***** DATA RECORDS

(* Let $\alpha\ge 1$. (i) The vector $(1,2,\dots,2)$ of length $\alpha$ is realized by the path $P_{2\alpha-1}$ on $2\alpha-1$ vertices, and (up to isomorphism) by no other graph. (ii) No vector of the form $(1,2,\dots,2,1)$ (with at least one entry 2) is realizable. (iii) The vector $(2,\dots,2)$ of length $\alpha$ is 0-realized by the path $P_{2\alpha}$ on $2\alpha$ vertices, and (up to isomorphism) by no other graph. (iv) No vector of the form $(2,\dots,2,1)$ (with at least one entry 2) is 0-realizable.
   Context: All graphs are finite, nonempty, and reflexive (every vertex has a loop). $N[v]$ is the closed neighborhood of $v$ (including $v$). For distinct $v,w$, $w$ strictly corners $v$ if $N[v]\subsetneq N[w]$; $v$ is then a strict corner. A vertex dominates a set if adjacent to all its vertices. Corner ranking: set $G^{(1)}=G$, $k=1$. If $G^{(k)}$ is a clique, give all its vertices rank $k$ and stop. Else if $G^{(k)}$ has no strict corners, give all its vertices rank $\infty$ and stop. Else give every strict corner of $G^{(k)}$ rank $k$, delete them to get $G^{(k+1)}$ (induced subgraph), increase $k$ and repeat. The corner rank of $G$ is the largest rank of a vertex; $X_k$ is the set of rank-$k$ vertices. A graph is cop-win (in the game of cops and robbers) iff its corner rank is finite. If $G$ has finite corner rank $\alpha\ge 2$, it is of type 1 if some (equivalently every) vertex of rank $\alpha$ dominates $V(G^{(\alpha-1)})$, and of type 0 otherwise. A vector is a finite list of positive integers. The rank cardinality vector of a graph of corner rank $\alpha$ is $(x_\alpha,\dots,x_1)$ with $x_k=|X_k|$. A vector is realizable if it is the rank cardinality vector of some cop-win graph, and 0-realizable if it is the rank cardinality vector of some cop-win graph of type 0. *)

From mathcomp Require Import all_boot all_order.
Set Implicit Arguments. Unset Strict Implicit. Unset Printing Implicit Defensive.

Definition is_graph (T : finType) (e : rel T) : Prop :=
  [/\ 0 < #|T|, reflexive e & symmetric e].

Definition nbhd (T : finType) (e : rel T) (S : {set T}) (v : T) : {set T} :=
  [set w in S | e v w].

Definition strict_corner (T : finType) (e : rel T) (S : {set T}) (v : T) : bool :=
  (v \in S) && [exists w in S, (w != v) && (nbhd e S v \proper nbhd e S w)].

Definition corners (T : finType) (e : rel T) (S : {set T}) : {set T} :=
  [set v in S | strict_corner e S v].

Definition is_clique (T : finType) (e : rel T) (S : {set T}) : bool :=
  [forall u in S, forall v in S, e u v].
(* Let $h(t),\beta(t)$ be arbitrary smooth functions on an interval $I$ and $a,b,c,s$ real constants. Let $\Lambda(t)$ be an antiderivative of $\beta(t)-ah(t)$, fix $t_0\in I$, and set $$q(t)=e^{2\Lambda(t)}\Big((2a-b)s\int_{t_0}^te^{-2\Lambda(\tau)}\,d\tau+c\Big),$$ so that $q'=2(\beta-ah)q+(2a-b)s$. Define $$u=asyz+(\beta-ah)x,\quad v=-\beta y,\quad w=ahz,$$ $$H^1=ayz\,q(t)+\Big(\frac b2-a\Big)x,\quad H^2=-\frac b2y,\quad H^3=az,$$ $$p=-\rho\Big((\beta'-ah'+(\beta-ah)^2)\frac{x^2}{2}+(\beta^2-\beta')\frac{y^2}{2}+(ah'+a^2h^2)\frac{z^2}{2}-\mu_0a^2q^2\frac{y^2z^2}{2}-\mu_0aq\Big(\frac b2-a\Big)xyz\Big)+\theta(t),$$ with $\theta$ arbitrary. Then $\mathbf v=(u,v,w)^t$, $\mathbf H=(H^1,H^2,H^3)^t$ and $p$ solve the MHD system on $I\times\mathbb R^3$.
   Context: Throughout, $\nu,\eta,\mu_0,\rho$ are positive constants. The MHD system for $\mathbf v=(u,v,w)^t$, $\mathbf H=(H^1,H^2,H^3)^t$, $p$, functions of $(t,x,y,z)$, is $$\nabla\cdot\mathbf v=0,\quad \mathbf v_t+(\mathbf v\cdot\nabla)\mathbf v-\mu_0(\mathbf H\times\operatorname{rot}\mathbf H)+\tfrac1\rho\nabla p=\nu\Delta\mathbf v,\quad \nabla\cdot\mathbf H=0,\quad \mathbf H_t=\operatorname{rot}(\mathbf v\times\mathbf H)+\eta\Delta\mathbf H,$$ with $\operatorname{rot}$ the curl and $\Delta$ the componentwise Laplacian in $(x,y,z)$. A prime denotes $d/dt$. *)

From Stdlib Require Import Reals Lra Classical ClassicalEpsilon.
Open Scope R_scope.

Definition is_open_interval (I : R -> Prop) : Prop :=
  (exists t, I t) /\
  (forall x y z, I x -> I z -> x <= y <= z -> I y) /\
  (forall t, I t -> exists e, 0 < e /\ forall s, Rabs (s - t) < e -> I s).

(** Classical derivative: the derivative of g at x if it exists, 0 otherwise. *)
Definition Deriv (g : R -> R) (x : R) : R :=
  match excluded_middle_informative (exists l, derivable_pt_lim g x l) with
  | left H => proj1_sig (constructive_indefinite_description _ H)
  | right _ => 0
  end.

Definition ex_deriv (g : R -> R) (x : R) : Prop := exists l, derivable_pt_lim g x l.

Definition smooth_on (I : R -> Prop) (f : R -> R) : Prop :=
  exists D : nat -> R -> R,
    (forall t, D O t = f t) /\
    (forall n t, I t -> derivable_pt_lim (D n) t (D (S n) t)).

(** Riemann integral int_a^b f (oriented), 0 if f is not Riemann integrable. *)
Definition integral (f : R -> R) (a b : R) : R :=
  match excluded_middle_informative (exists pr : Riemann_integrable f a b, True) with
  | left H => RiemannInt (proj1_sig (constructive_indefinite_description _ H))
  | right _ => 0
  end.

(** Fields: functions of (t, x, y, z). *)
Definition Fld := R -> R -> R -> R -> R.

Definition pd_t (f : Fld) : Fld := fun t x y z => Deriv (fun s => f s x y z) t.
Definition pd_x (f : Fld) : Fld := fun t x y z => Deriv (fun s => f t s y z) x.
Definition pd_y (f : Fld) : Fld := fun t x y z => Deriv (fun s => f t x s z) y.
Definition pd_z (f : Fld) : Fld := fun t x y z => Deriv (fun s => f t x y s) z.

Definition ex_pd_t (f : Fld) t x y z := ex_deriv (fun s => f s x y z) t.
Definition ex_pd_x (f : Fld) t x y z := ex_deriv (fun s => f t s y z) x.
Definition ex_pd_y (f : Fld) t x y z := ex_deriv (fun s => f t x s z) y.
Definition ex_pd_z (f : Fld) t x y z := ex_deriv (fun s => f t x y s) z.

Definition lap (f : Fld) : Fld := fun t x y z =>
  pd_x (pd_x f) t x y z + pd_y (pd_y f) t x y z + pd_z (pd_z f) t x y z.

Definition reg_field (f : Fld) t x y z : Prop :=
  ex_pd_t f t x y z /\ ex_pd_x f t x y z /\ ex_pd_y f t x y z /\ ex_pd_z f t x y z /\
  ex_pd_x (pd_x f) t x y z /\ ex_pd_y (pd_y f) t x y z /\ ex_pd_z (pd_z f) t x y z.

Definition MHD_solution (I : R -> Prop) (nu eta mu0 rho : R)
  (u v w H1 H2 H3 p : Fld) : Prop :=
  forall t x y z, I t ->
  let Ux := pd_x u t x y z in let Uy := pd_y u t x y z in let Uz := pd_z u t x y z in
  let Vx := pd_x v t x y z in let Vy := pd_y v t x y z in let Vz := pd_z v t x y z in
  let Wx := pd_x w t x y z in let Wy := pd_y w t x y z in let Wz := pd_z w t x y z in
  let R1 := pd_y H3 t x y z - pd_z H2 t x y z in
  let R2 := pd_z H1 t x y z - pd_x H3 t x y z in
  let R3 := pd_x H2 t x y z - pd_y H1 t x y z in
  let h1 := H1 t x y z in let h2 := H2 t x y z in let h3 := H3 t x y z in
  let uu := u t x y z in let vv := v t x y z in let ww := w t x y z in
  let E1 : Fld := fun t x y z => v t x y z * H3 t x y z - w t x y z * H2 t x y z in
  let E2 : Fld := fun t x y z => w t x y z * H1 t x y z - u t x y z * H3 t x y z in
  let E3 : Fld := fun t x y z => u t x y z * H2 t x y z - v t x y z * H1 t x y z in
  (reg_field u t x y z /\ reg_field v t x y z /\ reg_field w t x y z /\
   reg_field H1 t x y z /\ reg_field H2 t x y z /\ reg_field H3 t x y z /\
   ex_pd_x p t x y z /\ ex_pd_y p t x y z /\ ex_pd_z p t x y z) /\
  Ux + Vy + Wz = 0 /\
  pd_t u t x y z + (uu * Ux + vv * Uy + ww * Uz) - mu0 * (h2 * R3 - h3 * R2)
    + / rho * pd_x p t x y z = nu * lap u t x y z /\
  pd_t v t x y z + (uu * Vx + vv * Vy + ww * Vz) - mu0 * (h3 * R1 - h1 * R3)
    + / rho * pd_y p t x y z = nu * lap v t x y z /\
  pd_t w t x y z + (uu * Wx + vv * Wy + ww * Wz) - mu0 * (h1 * R2 - h2 * R1)
    + / rho * pd_z p t x y z = nu * lap w t x y z /\
  pd_x H1 t x y z + pd_y H2 t x y z + pd_z H3 t x y z = 0 /\
  pd_t H1 t x y z = (pd_y E3 t x y z - pd_z E2 t x y z) + eta * lap H1 t x y z /\
  pd_t H2 t x y z = (pd_z E1 t x y z - pd_x E3 t x y z) + eta * lap H2 t x y z /\
  pd_t H3 t x y z = (pd_x E2 t x y z - pd_y E1 t x y z) + eta * lap H3 t x y z.

(* All fields of the theorem are polynomials in (x, y, z) whose coefficients
   depend on t only through h, beta, their derivatives, and the function q.
   The proof therefore has two parts.
   - Analysis in time: the coefficient q is a variation-of-constants formula,
     q = e^{2 Lambda} ((2a - b) s \int_{t0}^t e^{-2 Lambda} + c), and by the
     fundamental theorem of calculus on the open interval I it satisfies the
     linear ODE  q' = 2 (beta - a h) q + (2a - b) s  (lemma [variation_of_constants]).
   - Calculus in space: every partial derivative occurring in the MHD system
     is computed symbolically with the rules of [derivable_pt_lim] (tactic
     [dlim]), and [Deriv] is replaced by these values ([Deriv_eq]).  After
     substituting q' by the ODE, each equation becomes a rational identity in
     t, x, y, z, closed by [field]. *)

From Stdlib Require Import Reals Lra FunctionalExtensionality ClassicalEpsilon.
From Coquelicot Require Import Coquelicot.
Open Scope R_scope.

Lemma Deriv_eq (g : R -> R) (x l : R) : derivable_pt_lim g x l -> Deriv g x = l.
Proof.
  intro Hg. unfold Deriv. destruct excluded_middle_informative as [Hex | Hnex].
  - destruct constructive_indefinite_description as [l' Hl']. simpl.
    exact (uniqueness_limite _ _ _ _ Hl' Hg).
  - exfalso; apply Hnex; exists l; exact Hg.
Qed.

Lemma smooth_derivable (I : R -> Prop) (f : R -> R) :
  smooth_on I f -> forall t, I t -> derivable_pt_lim f t (Deriv f t).
Proof.
  intros [D [HD0 HDS]] t Ht.
  assert (Hf : D O = f) by (extensionality u; apply HD0).
  pose proof (HDS O t Ht) as Hd. rewrite Hf in Hd.
  rewrite (Deriv_eq _ _ _ Hd). exact Hd.
Qed.

(* The rules below are the standard ones, stated
   with the function given as a lambda-term so that [dlim] can match them on
   the syntax of the function to be differentiated. *)

Lemma dl_plus (f g : R -> R) (x l1 l2 : R) :
  derivable_pt_lim f x l1 -> derivable_pt_lim g x l2 ->
  derivable_pt_lim (fun s => f s + g s) x (l1 + l2).
Proof. apply derivable_pt_lim_plus. Qed.

Lemma dl_minus (f g : R -> R) (x l1 l2 : R) :
  derivable_pt_lim f x l1 -> derivable_pt_lim g x l2 ->
  derivable_pt_lim (fun s => f s - g s) x (l1 - l2).
Proof. apply derivable_pt_lim_minus. Qed.

Lemma dl_mult (f g : R -> R) (x l1 l2 : R) :
  derivable_pt_lim f x l1 -> derivable_pt_lim g x l2 ->
  derivable_pt_lim (fun s => f s * g s) x (l1 * g x + f x * l2).
Proof. apply derivable_pt_lim_mult. Qed.

Lemma dl_opp (f : R -> R) (x l : R) :
  derivable_pt_lim f x l -> derivable_pt_lim (fun s => - f s) x (- l).
Proof. apply derivable_pt_lim_opp. Qed.

Lemma dl_div_const (f : R -> R) (c x l : R) :
  derivable_pt_lim f x l -> derivable_pt_lim (fun s => f s / c) x (l / c).
Proof.
  intro Hf. replace (l / c) with (l * (fun _ => / c) x + f x * 0) by (cbv beta; unfold Rdiv; ring).
  apply (dl_mult f (fun _ => / c)); [exact Hf | apply derivable_pt_lim_const].
Qed.

Lemma dl_square (f : R -> R) (x l : R) :
  derivable_pt_lim f x l -> derivable_pt_lim (fun s => f s ^ 2) x (2 * f x * l).
Proof.
  intro Hf. replace (2 * f x * l) with (l * f x + f x * l) by ring.
  replace (fun s => f s ^ 2) with (fun s => f s * f s) by (extensionality u; ring).
  exact (dl_mult f f x l l Hf Hf).
Qed.

Lemma dl_exp (f : R -> R) (x l : R) :
  derivable_pt_lim f x l -> derivable_pt_lim (fun s => exp (f s)) x (exp (f x) * l).
Proof. intro Hf. apply (derivable_pt_lim_comp f exp); [exact Hf | apply derivable_pt_lim_exp]. Qed.

Lemma dl_Deriv (G G' : R -> R) (x l : R) :
  (forall s, derivable_pt_lim G s (G' s)) -> derivable_pt_lim G' x l ->
  derivable_pt_lim (fun s => Deriv G s) x l.
Proof.
  intros HG HG'. replace (fun s => Deriv G s) with G'; [exact HG' |].
  extensionality u. symmetry; apply Deriv_eq, HG.
Qed.

Lemma dl_value (f : R -> R) (x l1 l2 : R) :
  derivable_pt_lim f x l1 -> l1 = l2 -> derivable_pt_lim f x l2.
Proof. intros Hf E; rewrite <- E; exact Hf. Qed.

(* [dlim] proves [derivable_pt_lim f x ?l] by structural recursion on f,
   using hypotheses for the derivatives of the unknown functions of t. *)
Ltac dlim := lazymatch goal with
| |- derivable_pt_lim (fun _ => ?c) _ _ => apply derivable_pt_lim_const
| |- derivable_pt_lim (fun s => s) _ _ => apply derivable_pt_lim_id
| |- derivable_pt_lim (fun s => @?f s + @?g s) _ _ => apply (dl_plus f g); [dlim | dlim]
| |- derivable_pt_lim (fun s => @?f s - @?g s) _ _ => apply (dl_minus f g); [dlim | dlim]
| |- derivable_pt_lim (fun s => @?f s * @?g s) _ _ => apply (dl_mult f g); [dlim | dlim]
| |- derivable_pt_lim (fun s => - @?f s) _ _ => apply (dl_opp f); dlim
| |- derivable_pt_lim (fun s => @?f s / ?c) _ _ => apply (dl_div_const f c); dlim
| |- derivable_pt_lim (fun s => @?f s ^ 2) _ _ => apply (dl_square f); dlim
| |- derivable_pt_lim (fun s => exp (@?f s)) _ _ => apply (dl_exp f); dlim
| |- derivable_pt_lim (fun s => Deriv ?G s) _ _ => eapply (dl_Deriv G); [intro; dlim | dlim]
| _ => eassumption
end.

Ltac compute_Derivs := repeat match goal with
| |- context [Deriv ?g ?x] =>
    let E := fresh in
    eassert (E : Deriv g x = _) by (apply Deriv_eq; dlim); rewrite E; clear E
end.

Lemma open_interval_locally (I : R -> Prop) :
  is_open_interval I -> forall t, I t -> locally t I.
Proof.
  intros [_ [_ Hopen]] t Ht. destruct (Hopen t Ht) as [e [He Hball]].
  exists (mkposreal e He). intros u Hu. apply Hball. exact Hu.
Qed.

Lemma ex_RInt_open_interval (I : R -> Prop) (f : R -> R) :
  is_open_interval I -> (forall x, I x -> continuous f x) ->
  forall u v, I u -> I v -> ex_RInt f u v.
Proof.
  intros [_ [Hconvex _]] Hf u v Hu Hv. apply (ex_RInt_continuous (V := R_CompleteNormedModule)).
  intros z Hz. apply Hf, (Hconvex (Rmin u v) z (Rmax u v)); auto.
  - apply Rmin_case; assumption.
  - apply Rmax_case; assumption.
Qed.

Lemma integral_RInt (f : R -> R) (a b : R) :
  ex_RInt f a b -> integral f a b = RInt f a b.
Proof.
  intro Hf. pose proof (ex_RInt_Reals_0 f a b Hf) as pr.
  rewrite (RInt_Reals f a b pr). unfold integral.
  destruct excluded_middle_informative as [Hex | Hnex].
  - destruct constructive_indefinite_description as [pr' Htriv]. apply RiemannInt_P5.
  - exfalso; apply Hnex; exists pr; exact Logic.I.
Qed.

Lemma ftc_open_interval (I : R -> Prop) (f : R -> R) (t0 t : R) :
  is_open_interval I -> (forall x, I x -> continuous f x) -> I t0 -> I t ->
  derivable_pt_lim (fun u => integral f t0 u) t (f t).
Proof.
  intros HI Hf Ht0 Ht. apply is_derive_Reals.
  assert (Hint : forall u, I u -> ex_RInt f t0 u)
    by (intros u Hu; exact (ex_RInt_open_interval I f HI Hf t0 u Ht0 Hu)).
  apply is_derive_ext_loc with (f := fun u => RInt f t0 u).
  - apply (filter_imp I); [| exact (open_interval_locally I HI t Ht)].
    intros u Hu. symmetry. apply integral_RInt, Hint, Hu.
  - apply (is_derive_RInt f _ t0 t); [| exact (Hf t Ht)].
    apply (filter_imp I); [| exact (open_interval_locally I HI t Ht)].
    intros u Hu. apply (RInt_correct (V := R_CompleteNormedModule)), Hint, Hu.
Qed.

Lemma variation_of_constants (I : R -> Prop) (L g : R -> R) (k c t0 : R) :
  is_open_interval I -> (forall t, I t -> derivable_pt_lim L t (g t)) -> I t0 ->
  let q := fun t => exp (2 * L t) * (k * integral (fun tau => exp (- (2 * L tau))) t0 t + c) in
  forall t, I t -> derivable_pt_lim q t (2 * g t * q t + k).
Proof.
  intros HI HL Ht0 q t Ht.
  assert (Hcont : forall x, I x -> continuous (fun tau => exp (- (2 * L tau))) x).
  { intros x Hx. apply (ex_derive_continuous (K := R_AbsRing) (V := R_NormedModule)).
    eexists. apply is_derive_Reals.
    pose proof (HL x Hx). dlim. }
  pose proof (ftc_open_interval I _ t0 t HI Hcont Ht0 Ht) as Hprim.
  pose proof (HL t Ht) as HLt.
  eapply dl_value; [unfold q; dlim |].
  (* e^{2L} e^{-2L} = 1 turns the derivative of the product into the ODE. *)
  unfold q. rewrite exp_Ropp. field. apply Rgt_not_eq, exp_pos.
Qed.

Theorem theorem3p1
  (nu eta mu0 rho : R) (Hnu : 0 < nu) (Heta : 0 < eta) (Hmu0 : 0 < mu0) (Hrho : 0 < rho)
  (I : R -> Prop) (HI : is_open_interval I)
  (h beta : R -> R) (Hh : smooth_on I h) (Hbeta : smooth_on I beta)
  (a b c s : R)
  (Lambda : R -> R)
  (HLambda : forall t, I t -> derivable_pt_lim Lambda t (beta t - a * h t))
  (t0 : R) (Ht0 : I t0)
  (theta : R -> R) :
  let q : R -> R := fun t =>
    exp (2 * Lambda t) *
    ((2 * a - b) * s * integral (fun tau => exp (- (2 * Lambda tau))) t0 t + c) in
  let dh := Deriv h in
  let dbeta := Deriv beta in
  MHD_solution I nu eta mu0 rho
    (fun t x y z => a * s * y * z + (beta t - a * h t) * x)
    (fun t x y z => - beta t * y)
    (fun t x y z => a * h t * z)
    (fun t x y z => a * y * z * q t + (b / 2 - a) * x)
    (fun t x y z => - (b / 2) * y)
    (fun t x y z => a * z)
    (fun t x y z =>
       - rho * ((dbeta t - a * dh t + (beta t - a * h t) ^ 2) * (x ^ 2 / 2)
               + (beta t ^ 2 - dbeta t) * (y ^ 2 / 2)
               + (a * dh t + a ^ 2 * h t ^ 2) * (z ^ 2 / 2)
               - mu0 * a ^ 2 * q t ^ 2 * (y ^ 2 * z ^ 2 / 2)
               - mu0 * a * q t * (b / 2 - a) * (x * y * z))
       + theta t).
Proof.
  intros q dh dbeta t x y z Ht.
  pose proof (variation_of_constants I Lambda (fun t => beta t - a * h t)
                ((2 * a - b) * s) c t0 HI HLambda Ht0 t Ht) as Hq.
  pose proof (smooth_derivable I h Hh t Ht) as Hh'.
  pose proof (smooth_derivable I beta Hbeta t Ht) as Hbeta'.
  fold q in Hq; fold dh in Hh'; fold dbeta in Hbeta'; cbv beta in Hq.
  cbv zeta.
  unfold reg_field, ex_pd_t, ex_pd_x, ex_pd_y, ex_pd_z, ex_deriv, lap, pd_t, pd_x, pd_y, pd_z.
  cbv beta. compute_Derivs.
  repeat split; try (eexists; dlim).
  all: field; lra.
Qed.
Theorem proposition6p12 (R : comPzRingType) (U : lmodType R)
  (psi : U -> tensor U U) (eps : U -> R^o)
  (sigma : tensor U U -> U) (eta : R^o -> U) (F : nat -> U -> Prop) :
  (* U is a (coassociative, counital, cocommutative) coalgebra *)
  is_coalgebra psi eps ->
  (* Abelian monoid object in coalgebras: sigma and eta are coalgebra maps, *)
  is_coalg_map (tensor_coprod psi) (tensor_counit eps) psi eps sigma ->
  @is_coalg_map R R^o U (@unit_coprod R) (@unit_counit R) psi eps eta ->
  (* ... associative, commutative, with unit eta *)
  (forall a b c, sigma (sigma (a (x) b) (x) c) = sigma (a (x) sigma (b (x) c))) ->
  (forall a b, sigma (a (x) b) = sigma (b (x) a)) ->
  (forall a, sigma (eta 1 (x) a) = a) ->
  (* good filtration whose good basepoint is the zero eta *)
  good_filtration psi eps F ->
  (forall r : R, F 0%N (eta r) /\ eps (eta r) = r) ->
  (* sigma (F_s U (x) F_t U) is contained in F_(s+t) U *)
  (forall (s t : nat) a b, F s a -> F t b -> F (s + t)%N (sigma (a (x) b))) ->
  (* conclusion: U is an Abelian group object in coalgebras *)
  exists chi : U -> U,
    is_coalg_map psi eps psi eps chi /\
    (forall u, sigma (tmap id chi (psi u)) = eta (eps u)).
Proof.
move=> coalg sigma_coalg eta_coalg sigmaA sigmaC sigma1 F_good F_basepoint _.
have F0_eta r := (F_basepoint r).1.
exists (antipode psi eps sigma eta F); split; first split.
- exact: antipode_linear.
- exact: psi_antipode.
- exact: eps_antipode.
- exact: sigma_id_antipode.
Qed.
(* For any two algebras $A,B$ there is a natural isomorphism of pro-algebras $\mathfrak{op}(\mathfrak{M}^{\mathrm{nc}}(A,B))\cong\mathfrak{M}^{\mathrm{nc}}(\mathfrak{op}(A),\mathfrak{op}(B))$.
   Context: Fix a field $\mathbb{F}$; algebras are associative, not necessarily unital or commutative $\mathbb{F}$-algebras, forming the category $\mathbf{A}_{\mathrm{nc}}$; $\otimes=\otimes_{\mathbb{F}}$. Pro-algebras are inverse systems of algebras over directed sets with $\mathrm{Hom}((C_i),(D_j))=\varprojlim_j\varinjlim_i\mathrm{Hom}(C_i,D_j)$; functors and tensor products are applied componentwise. For algebras $A,B$, $\mathfrak{M}^{\mathrm{nc}}(A,B)$ with $\Upsilon_{A,B}:A\to B\otimes\mathfrak{M}^{\mathrm{nc}}(A,B)$ is the (existing, unique up to isomorphism) universal pair: for every pro-algebra $C$ and pro-morphism $\varphi:A\to B\otimes C$ there is a unique $\overline{\varphi}:\mathfrak{M}^{\mathrm{nc}}(A,B)\to C$ with $\varphi=(\mathrm{id}_B\otimes\overline{\varphi})\Upsilon_{A,B}$. $\mathfrak{op}:\mathbf{A}_{\mathrm{nc}}\to\mathbf{A}_{\mathrm{nc}}$ sends an algebra to the algebra with the opposite multiplication. *)

From HB Require Import structures.
From mathcomp Require Import all_boot all_order all_algebra.
Unset Printing Implicit Defensive.
Import GRing.Theory.
Local Open Scope ring_scope.

Section NC.
Variable F : fieldType.

Record ncalg := NcAlg {
  nc_carrier :> lmodType F;
  nc_mul : nc_carrier -> nc_carrier -> nc_carrier;
  nc_mulA : forall x y z, nc_mul x (nc_mul y z) = nc_mul (nc_mul x y) z;
  nc_mulDl : forall x y z, nc_mul (x + y) z = nc_mul x z + nc_mul y z;
  nc_mulDr : forall x y z, nc_mul x (y + z) = nc_mul x y + nc_mul x z;
  nc_mulZl : forall (k : F) x y, nc_mul (k *: x) y = k *: nc_mul x y;
  nc_mulZr : forall (k : F) x y, nc_mul x (k *: y) = k *: nc_mul x y }.
Arguments nc_mul {_}.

**********

#### INSTRUCTIONS FOR THE TASK
Return each line of the entries that holds the string "Stdlib".

#### OUTPUT OF THE EXERCISE
From Stdlib Require Import Reals Lra Classical ClassicalEpsilon.
From Stdlib Require Import Reals Lra FunctionalExtensionality ClassicalEpsilon.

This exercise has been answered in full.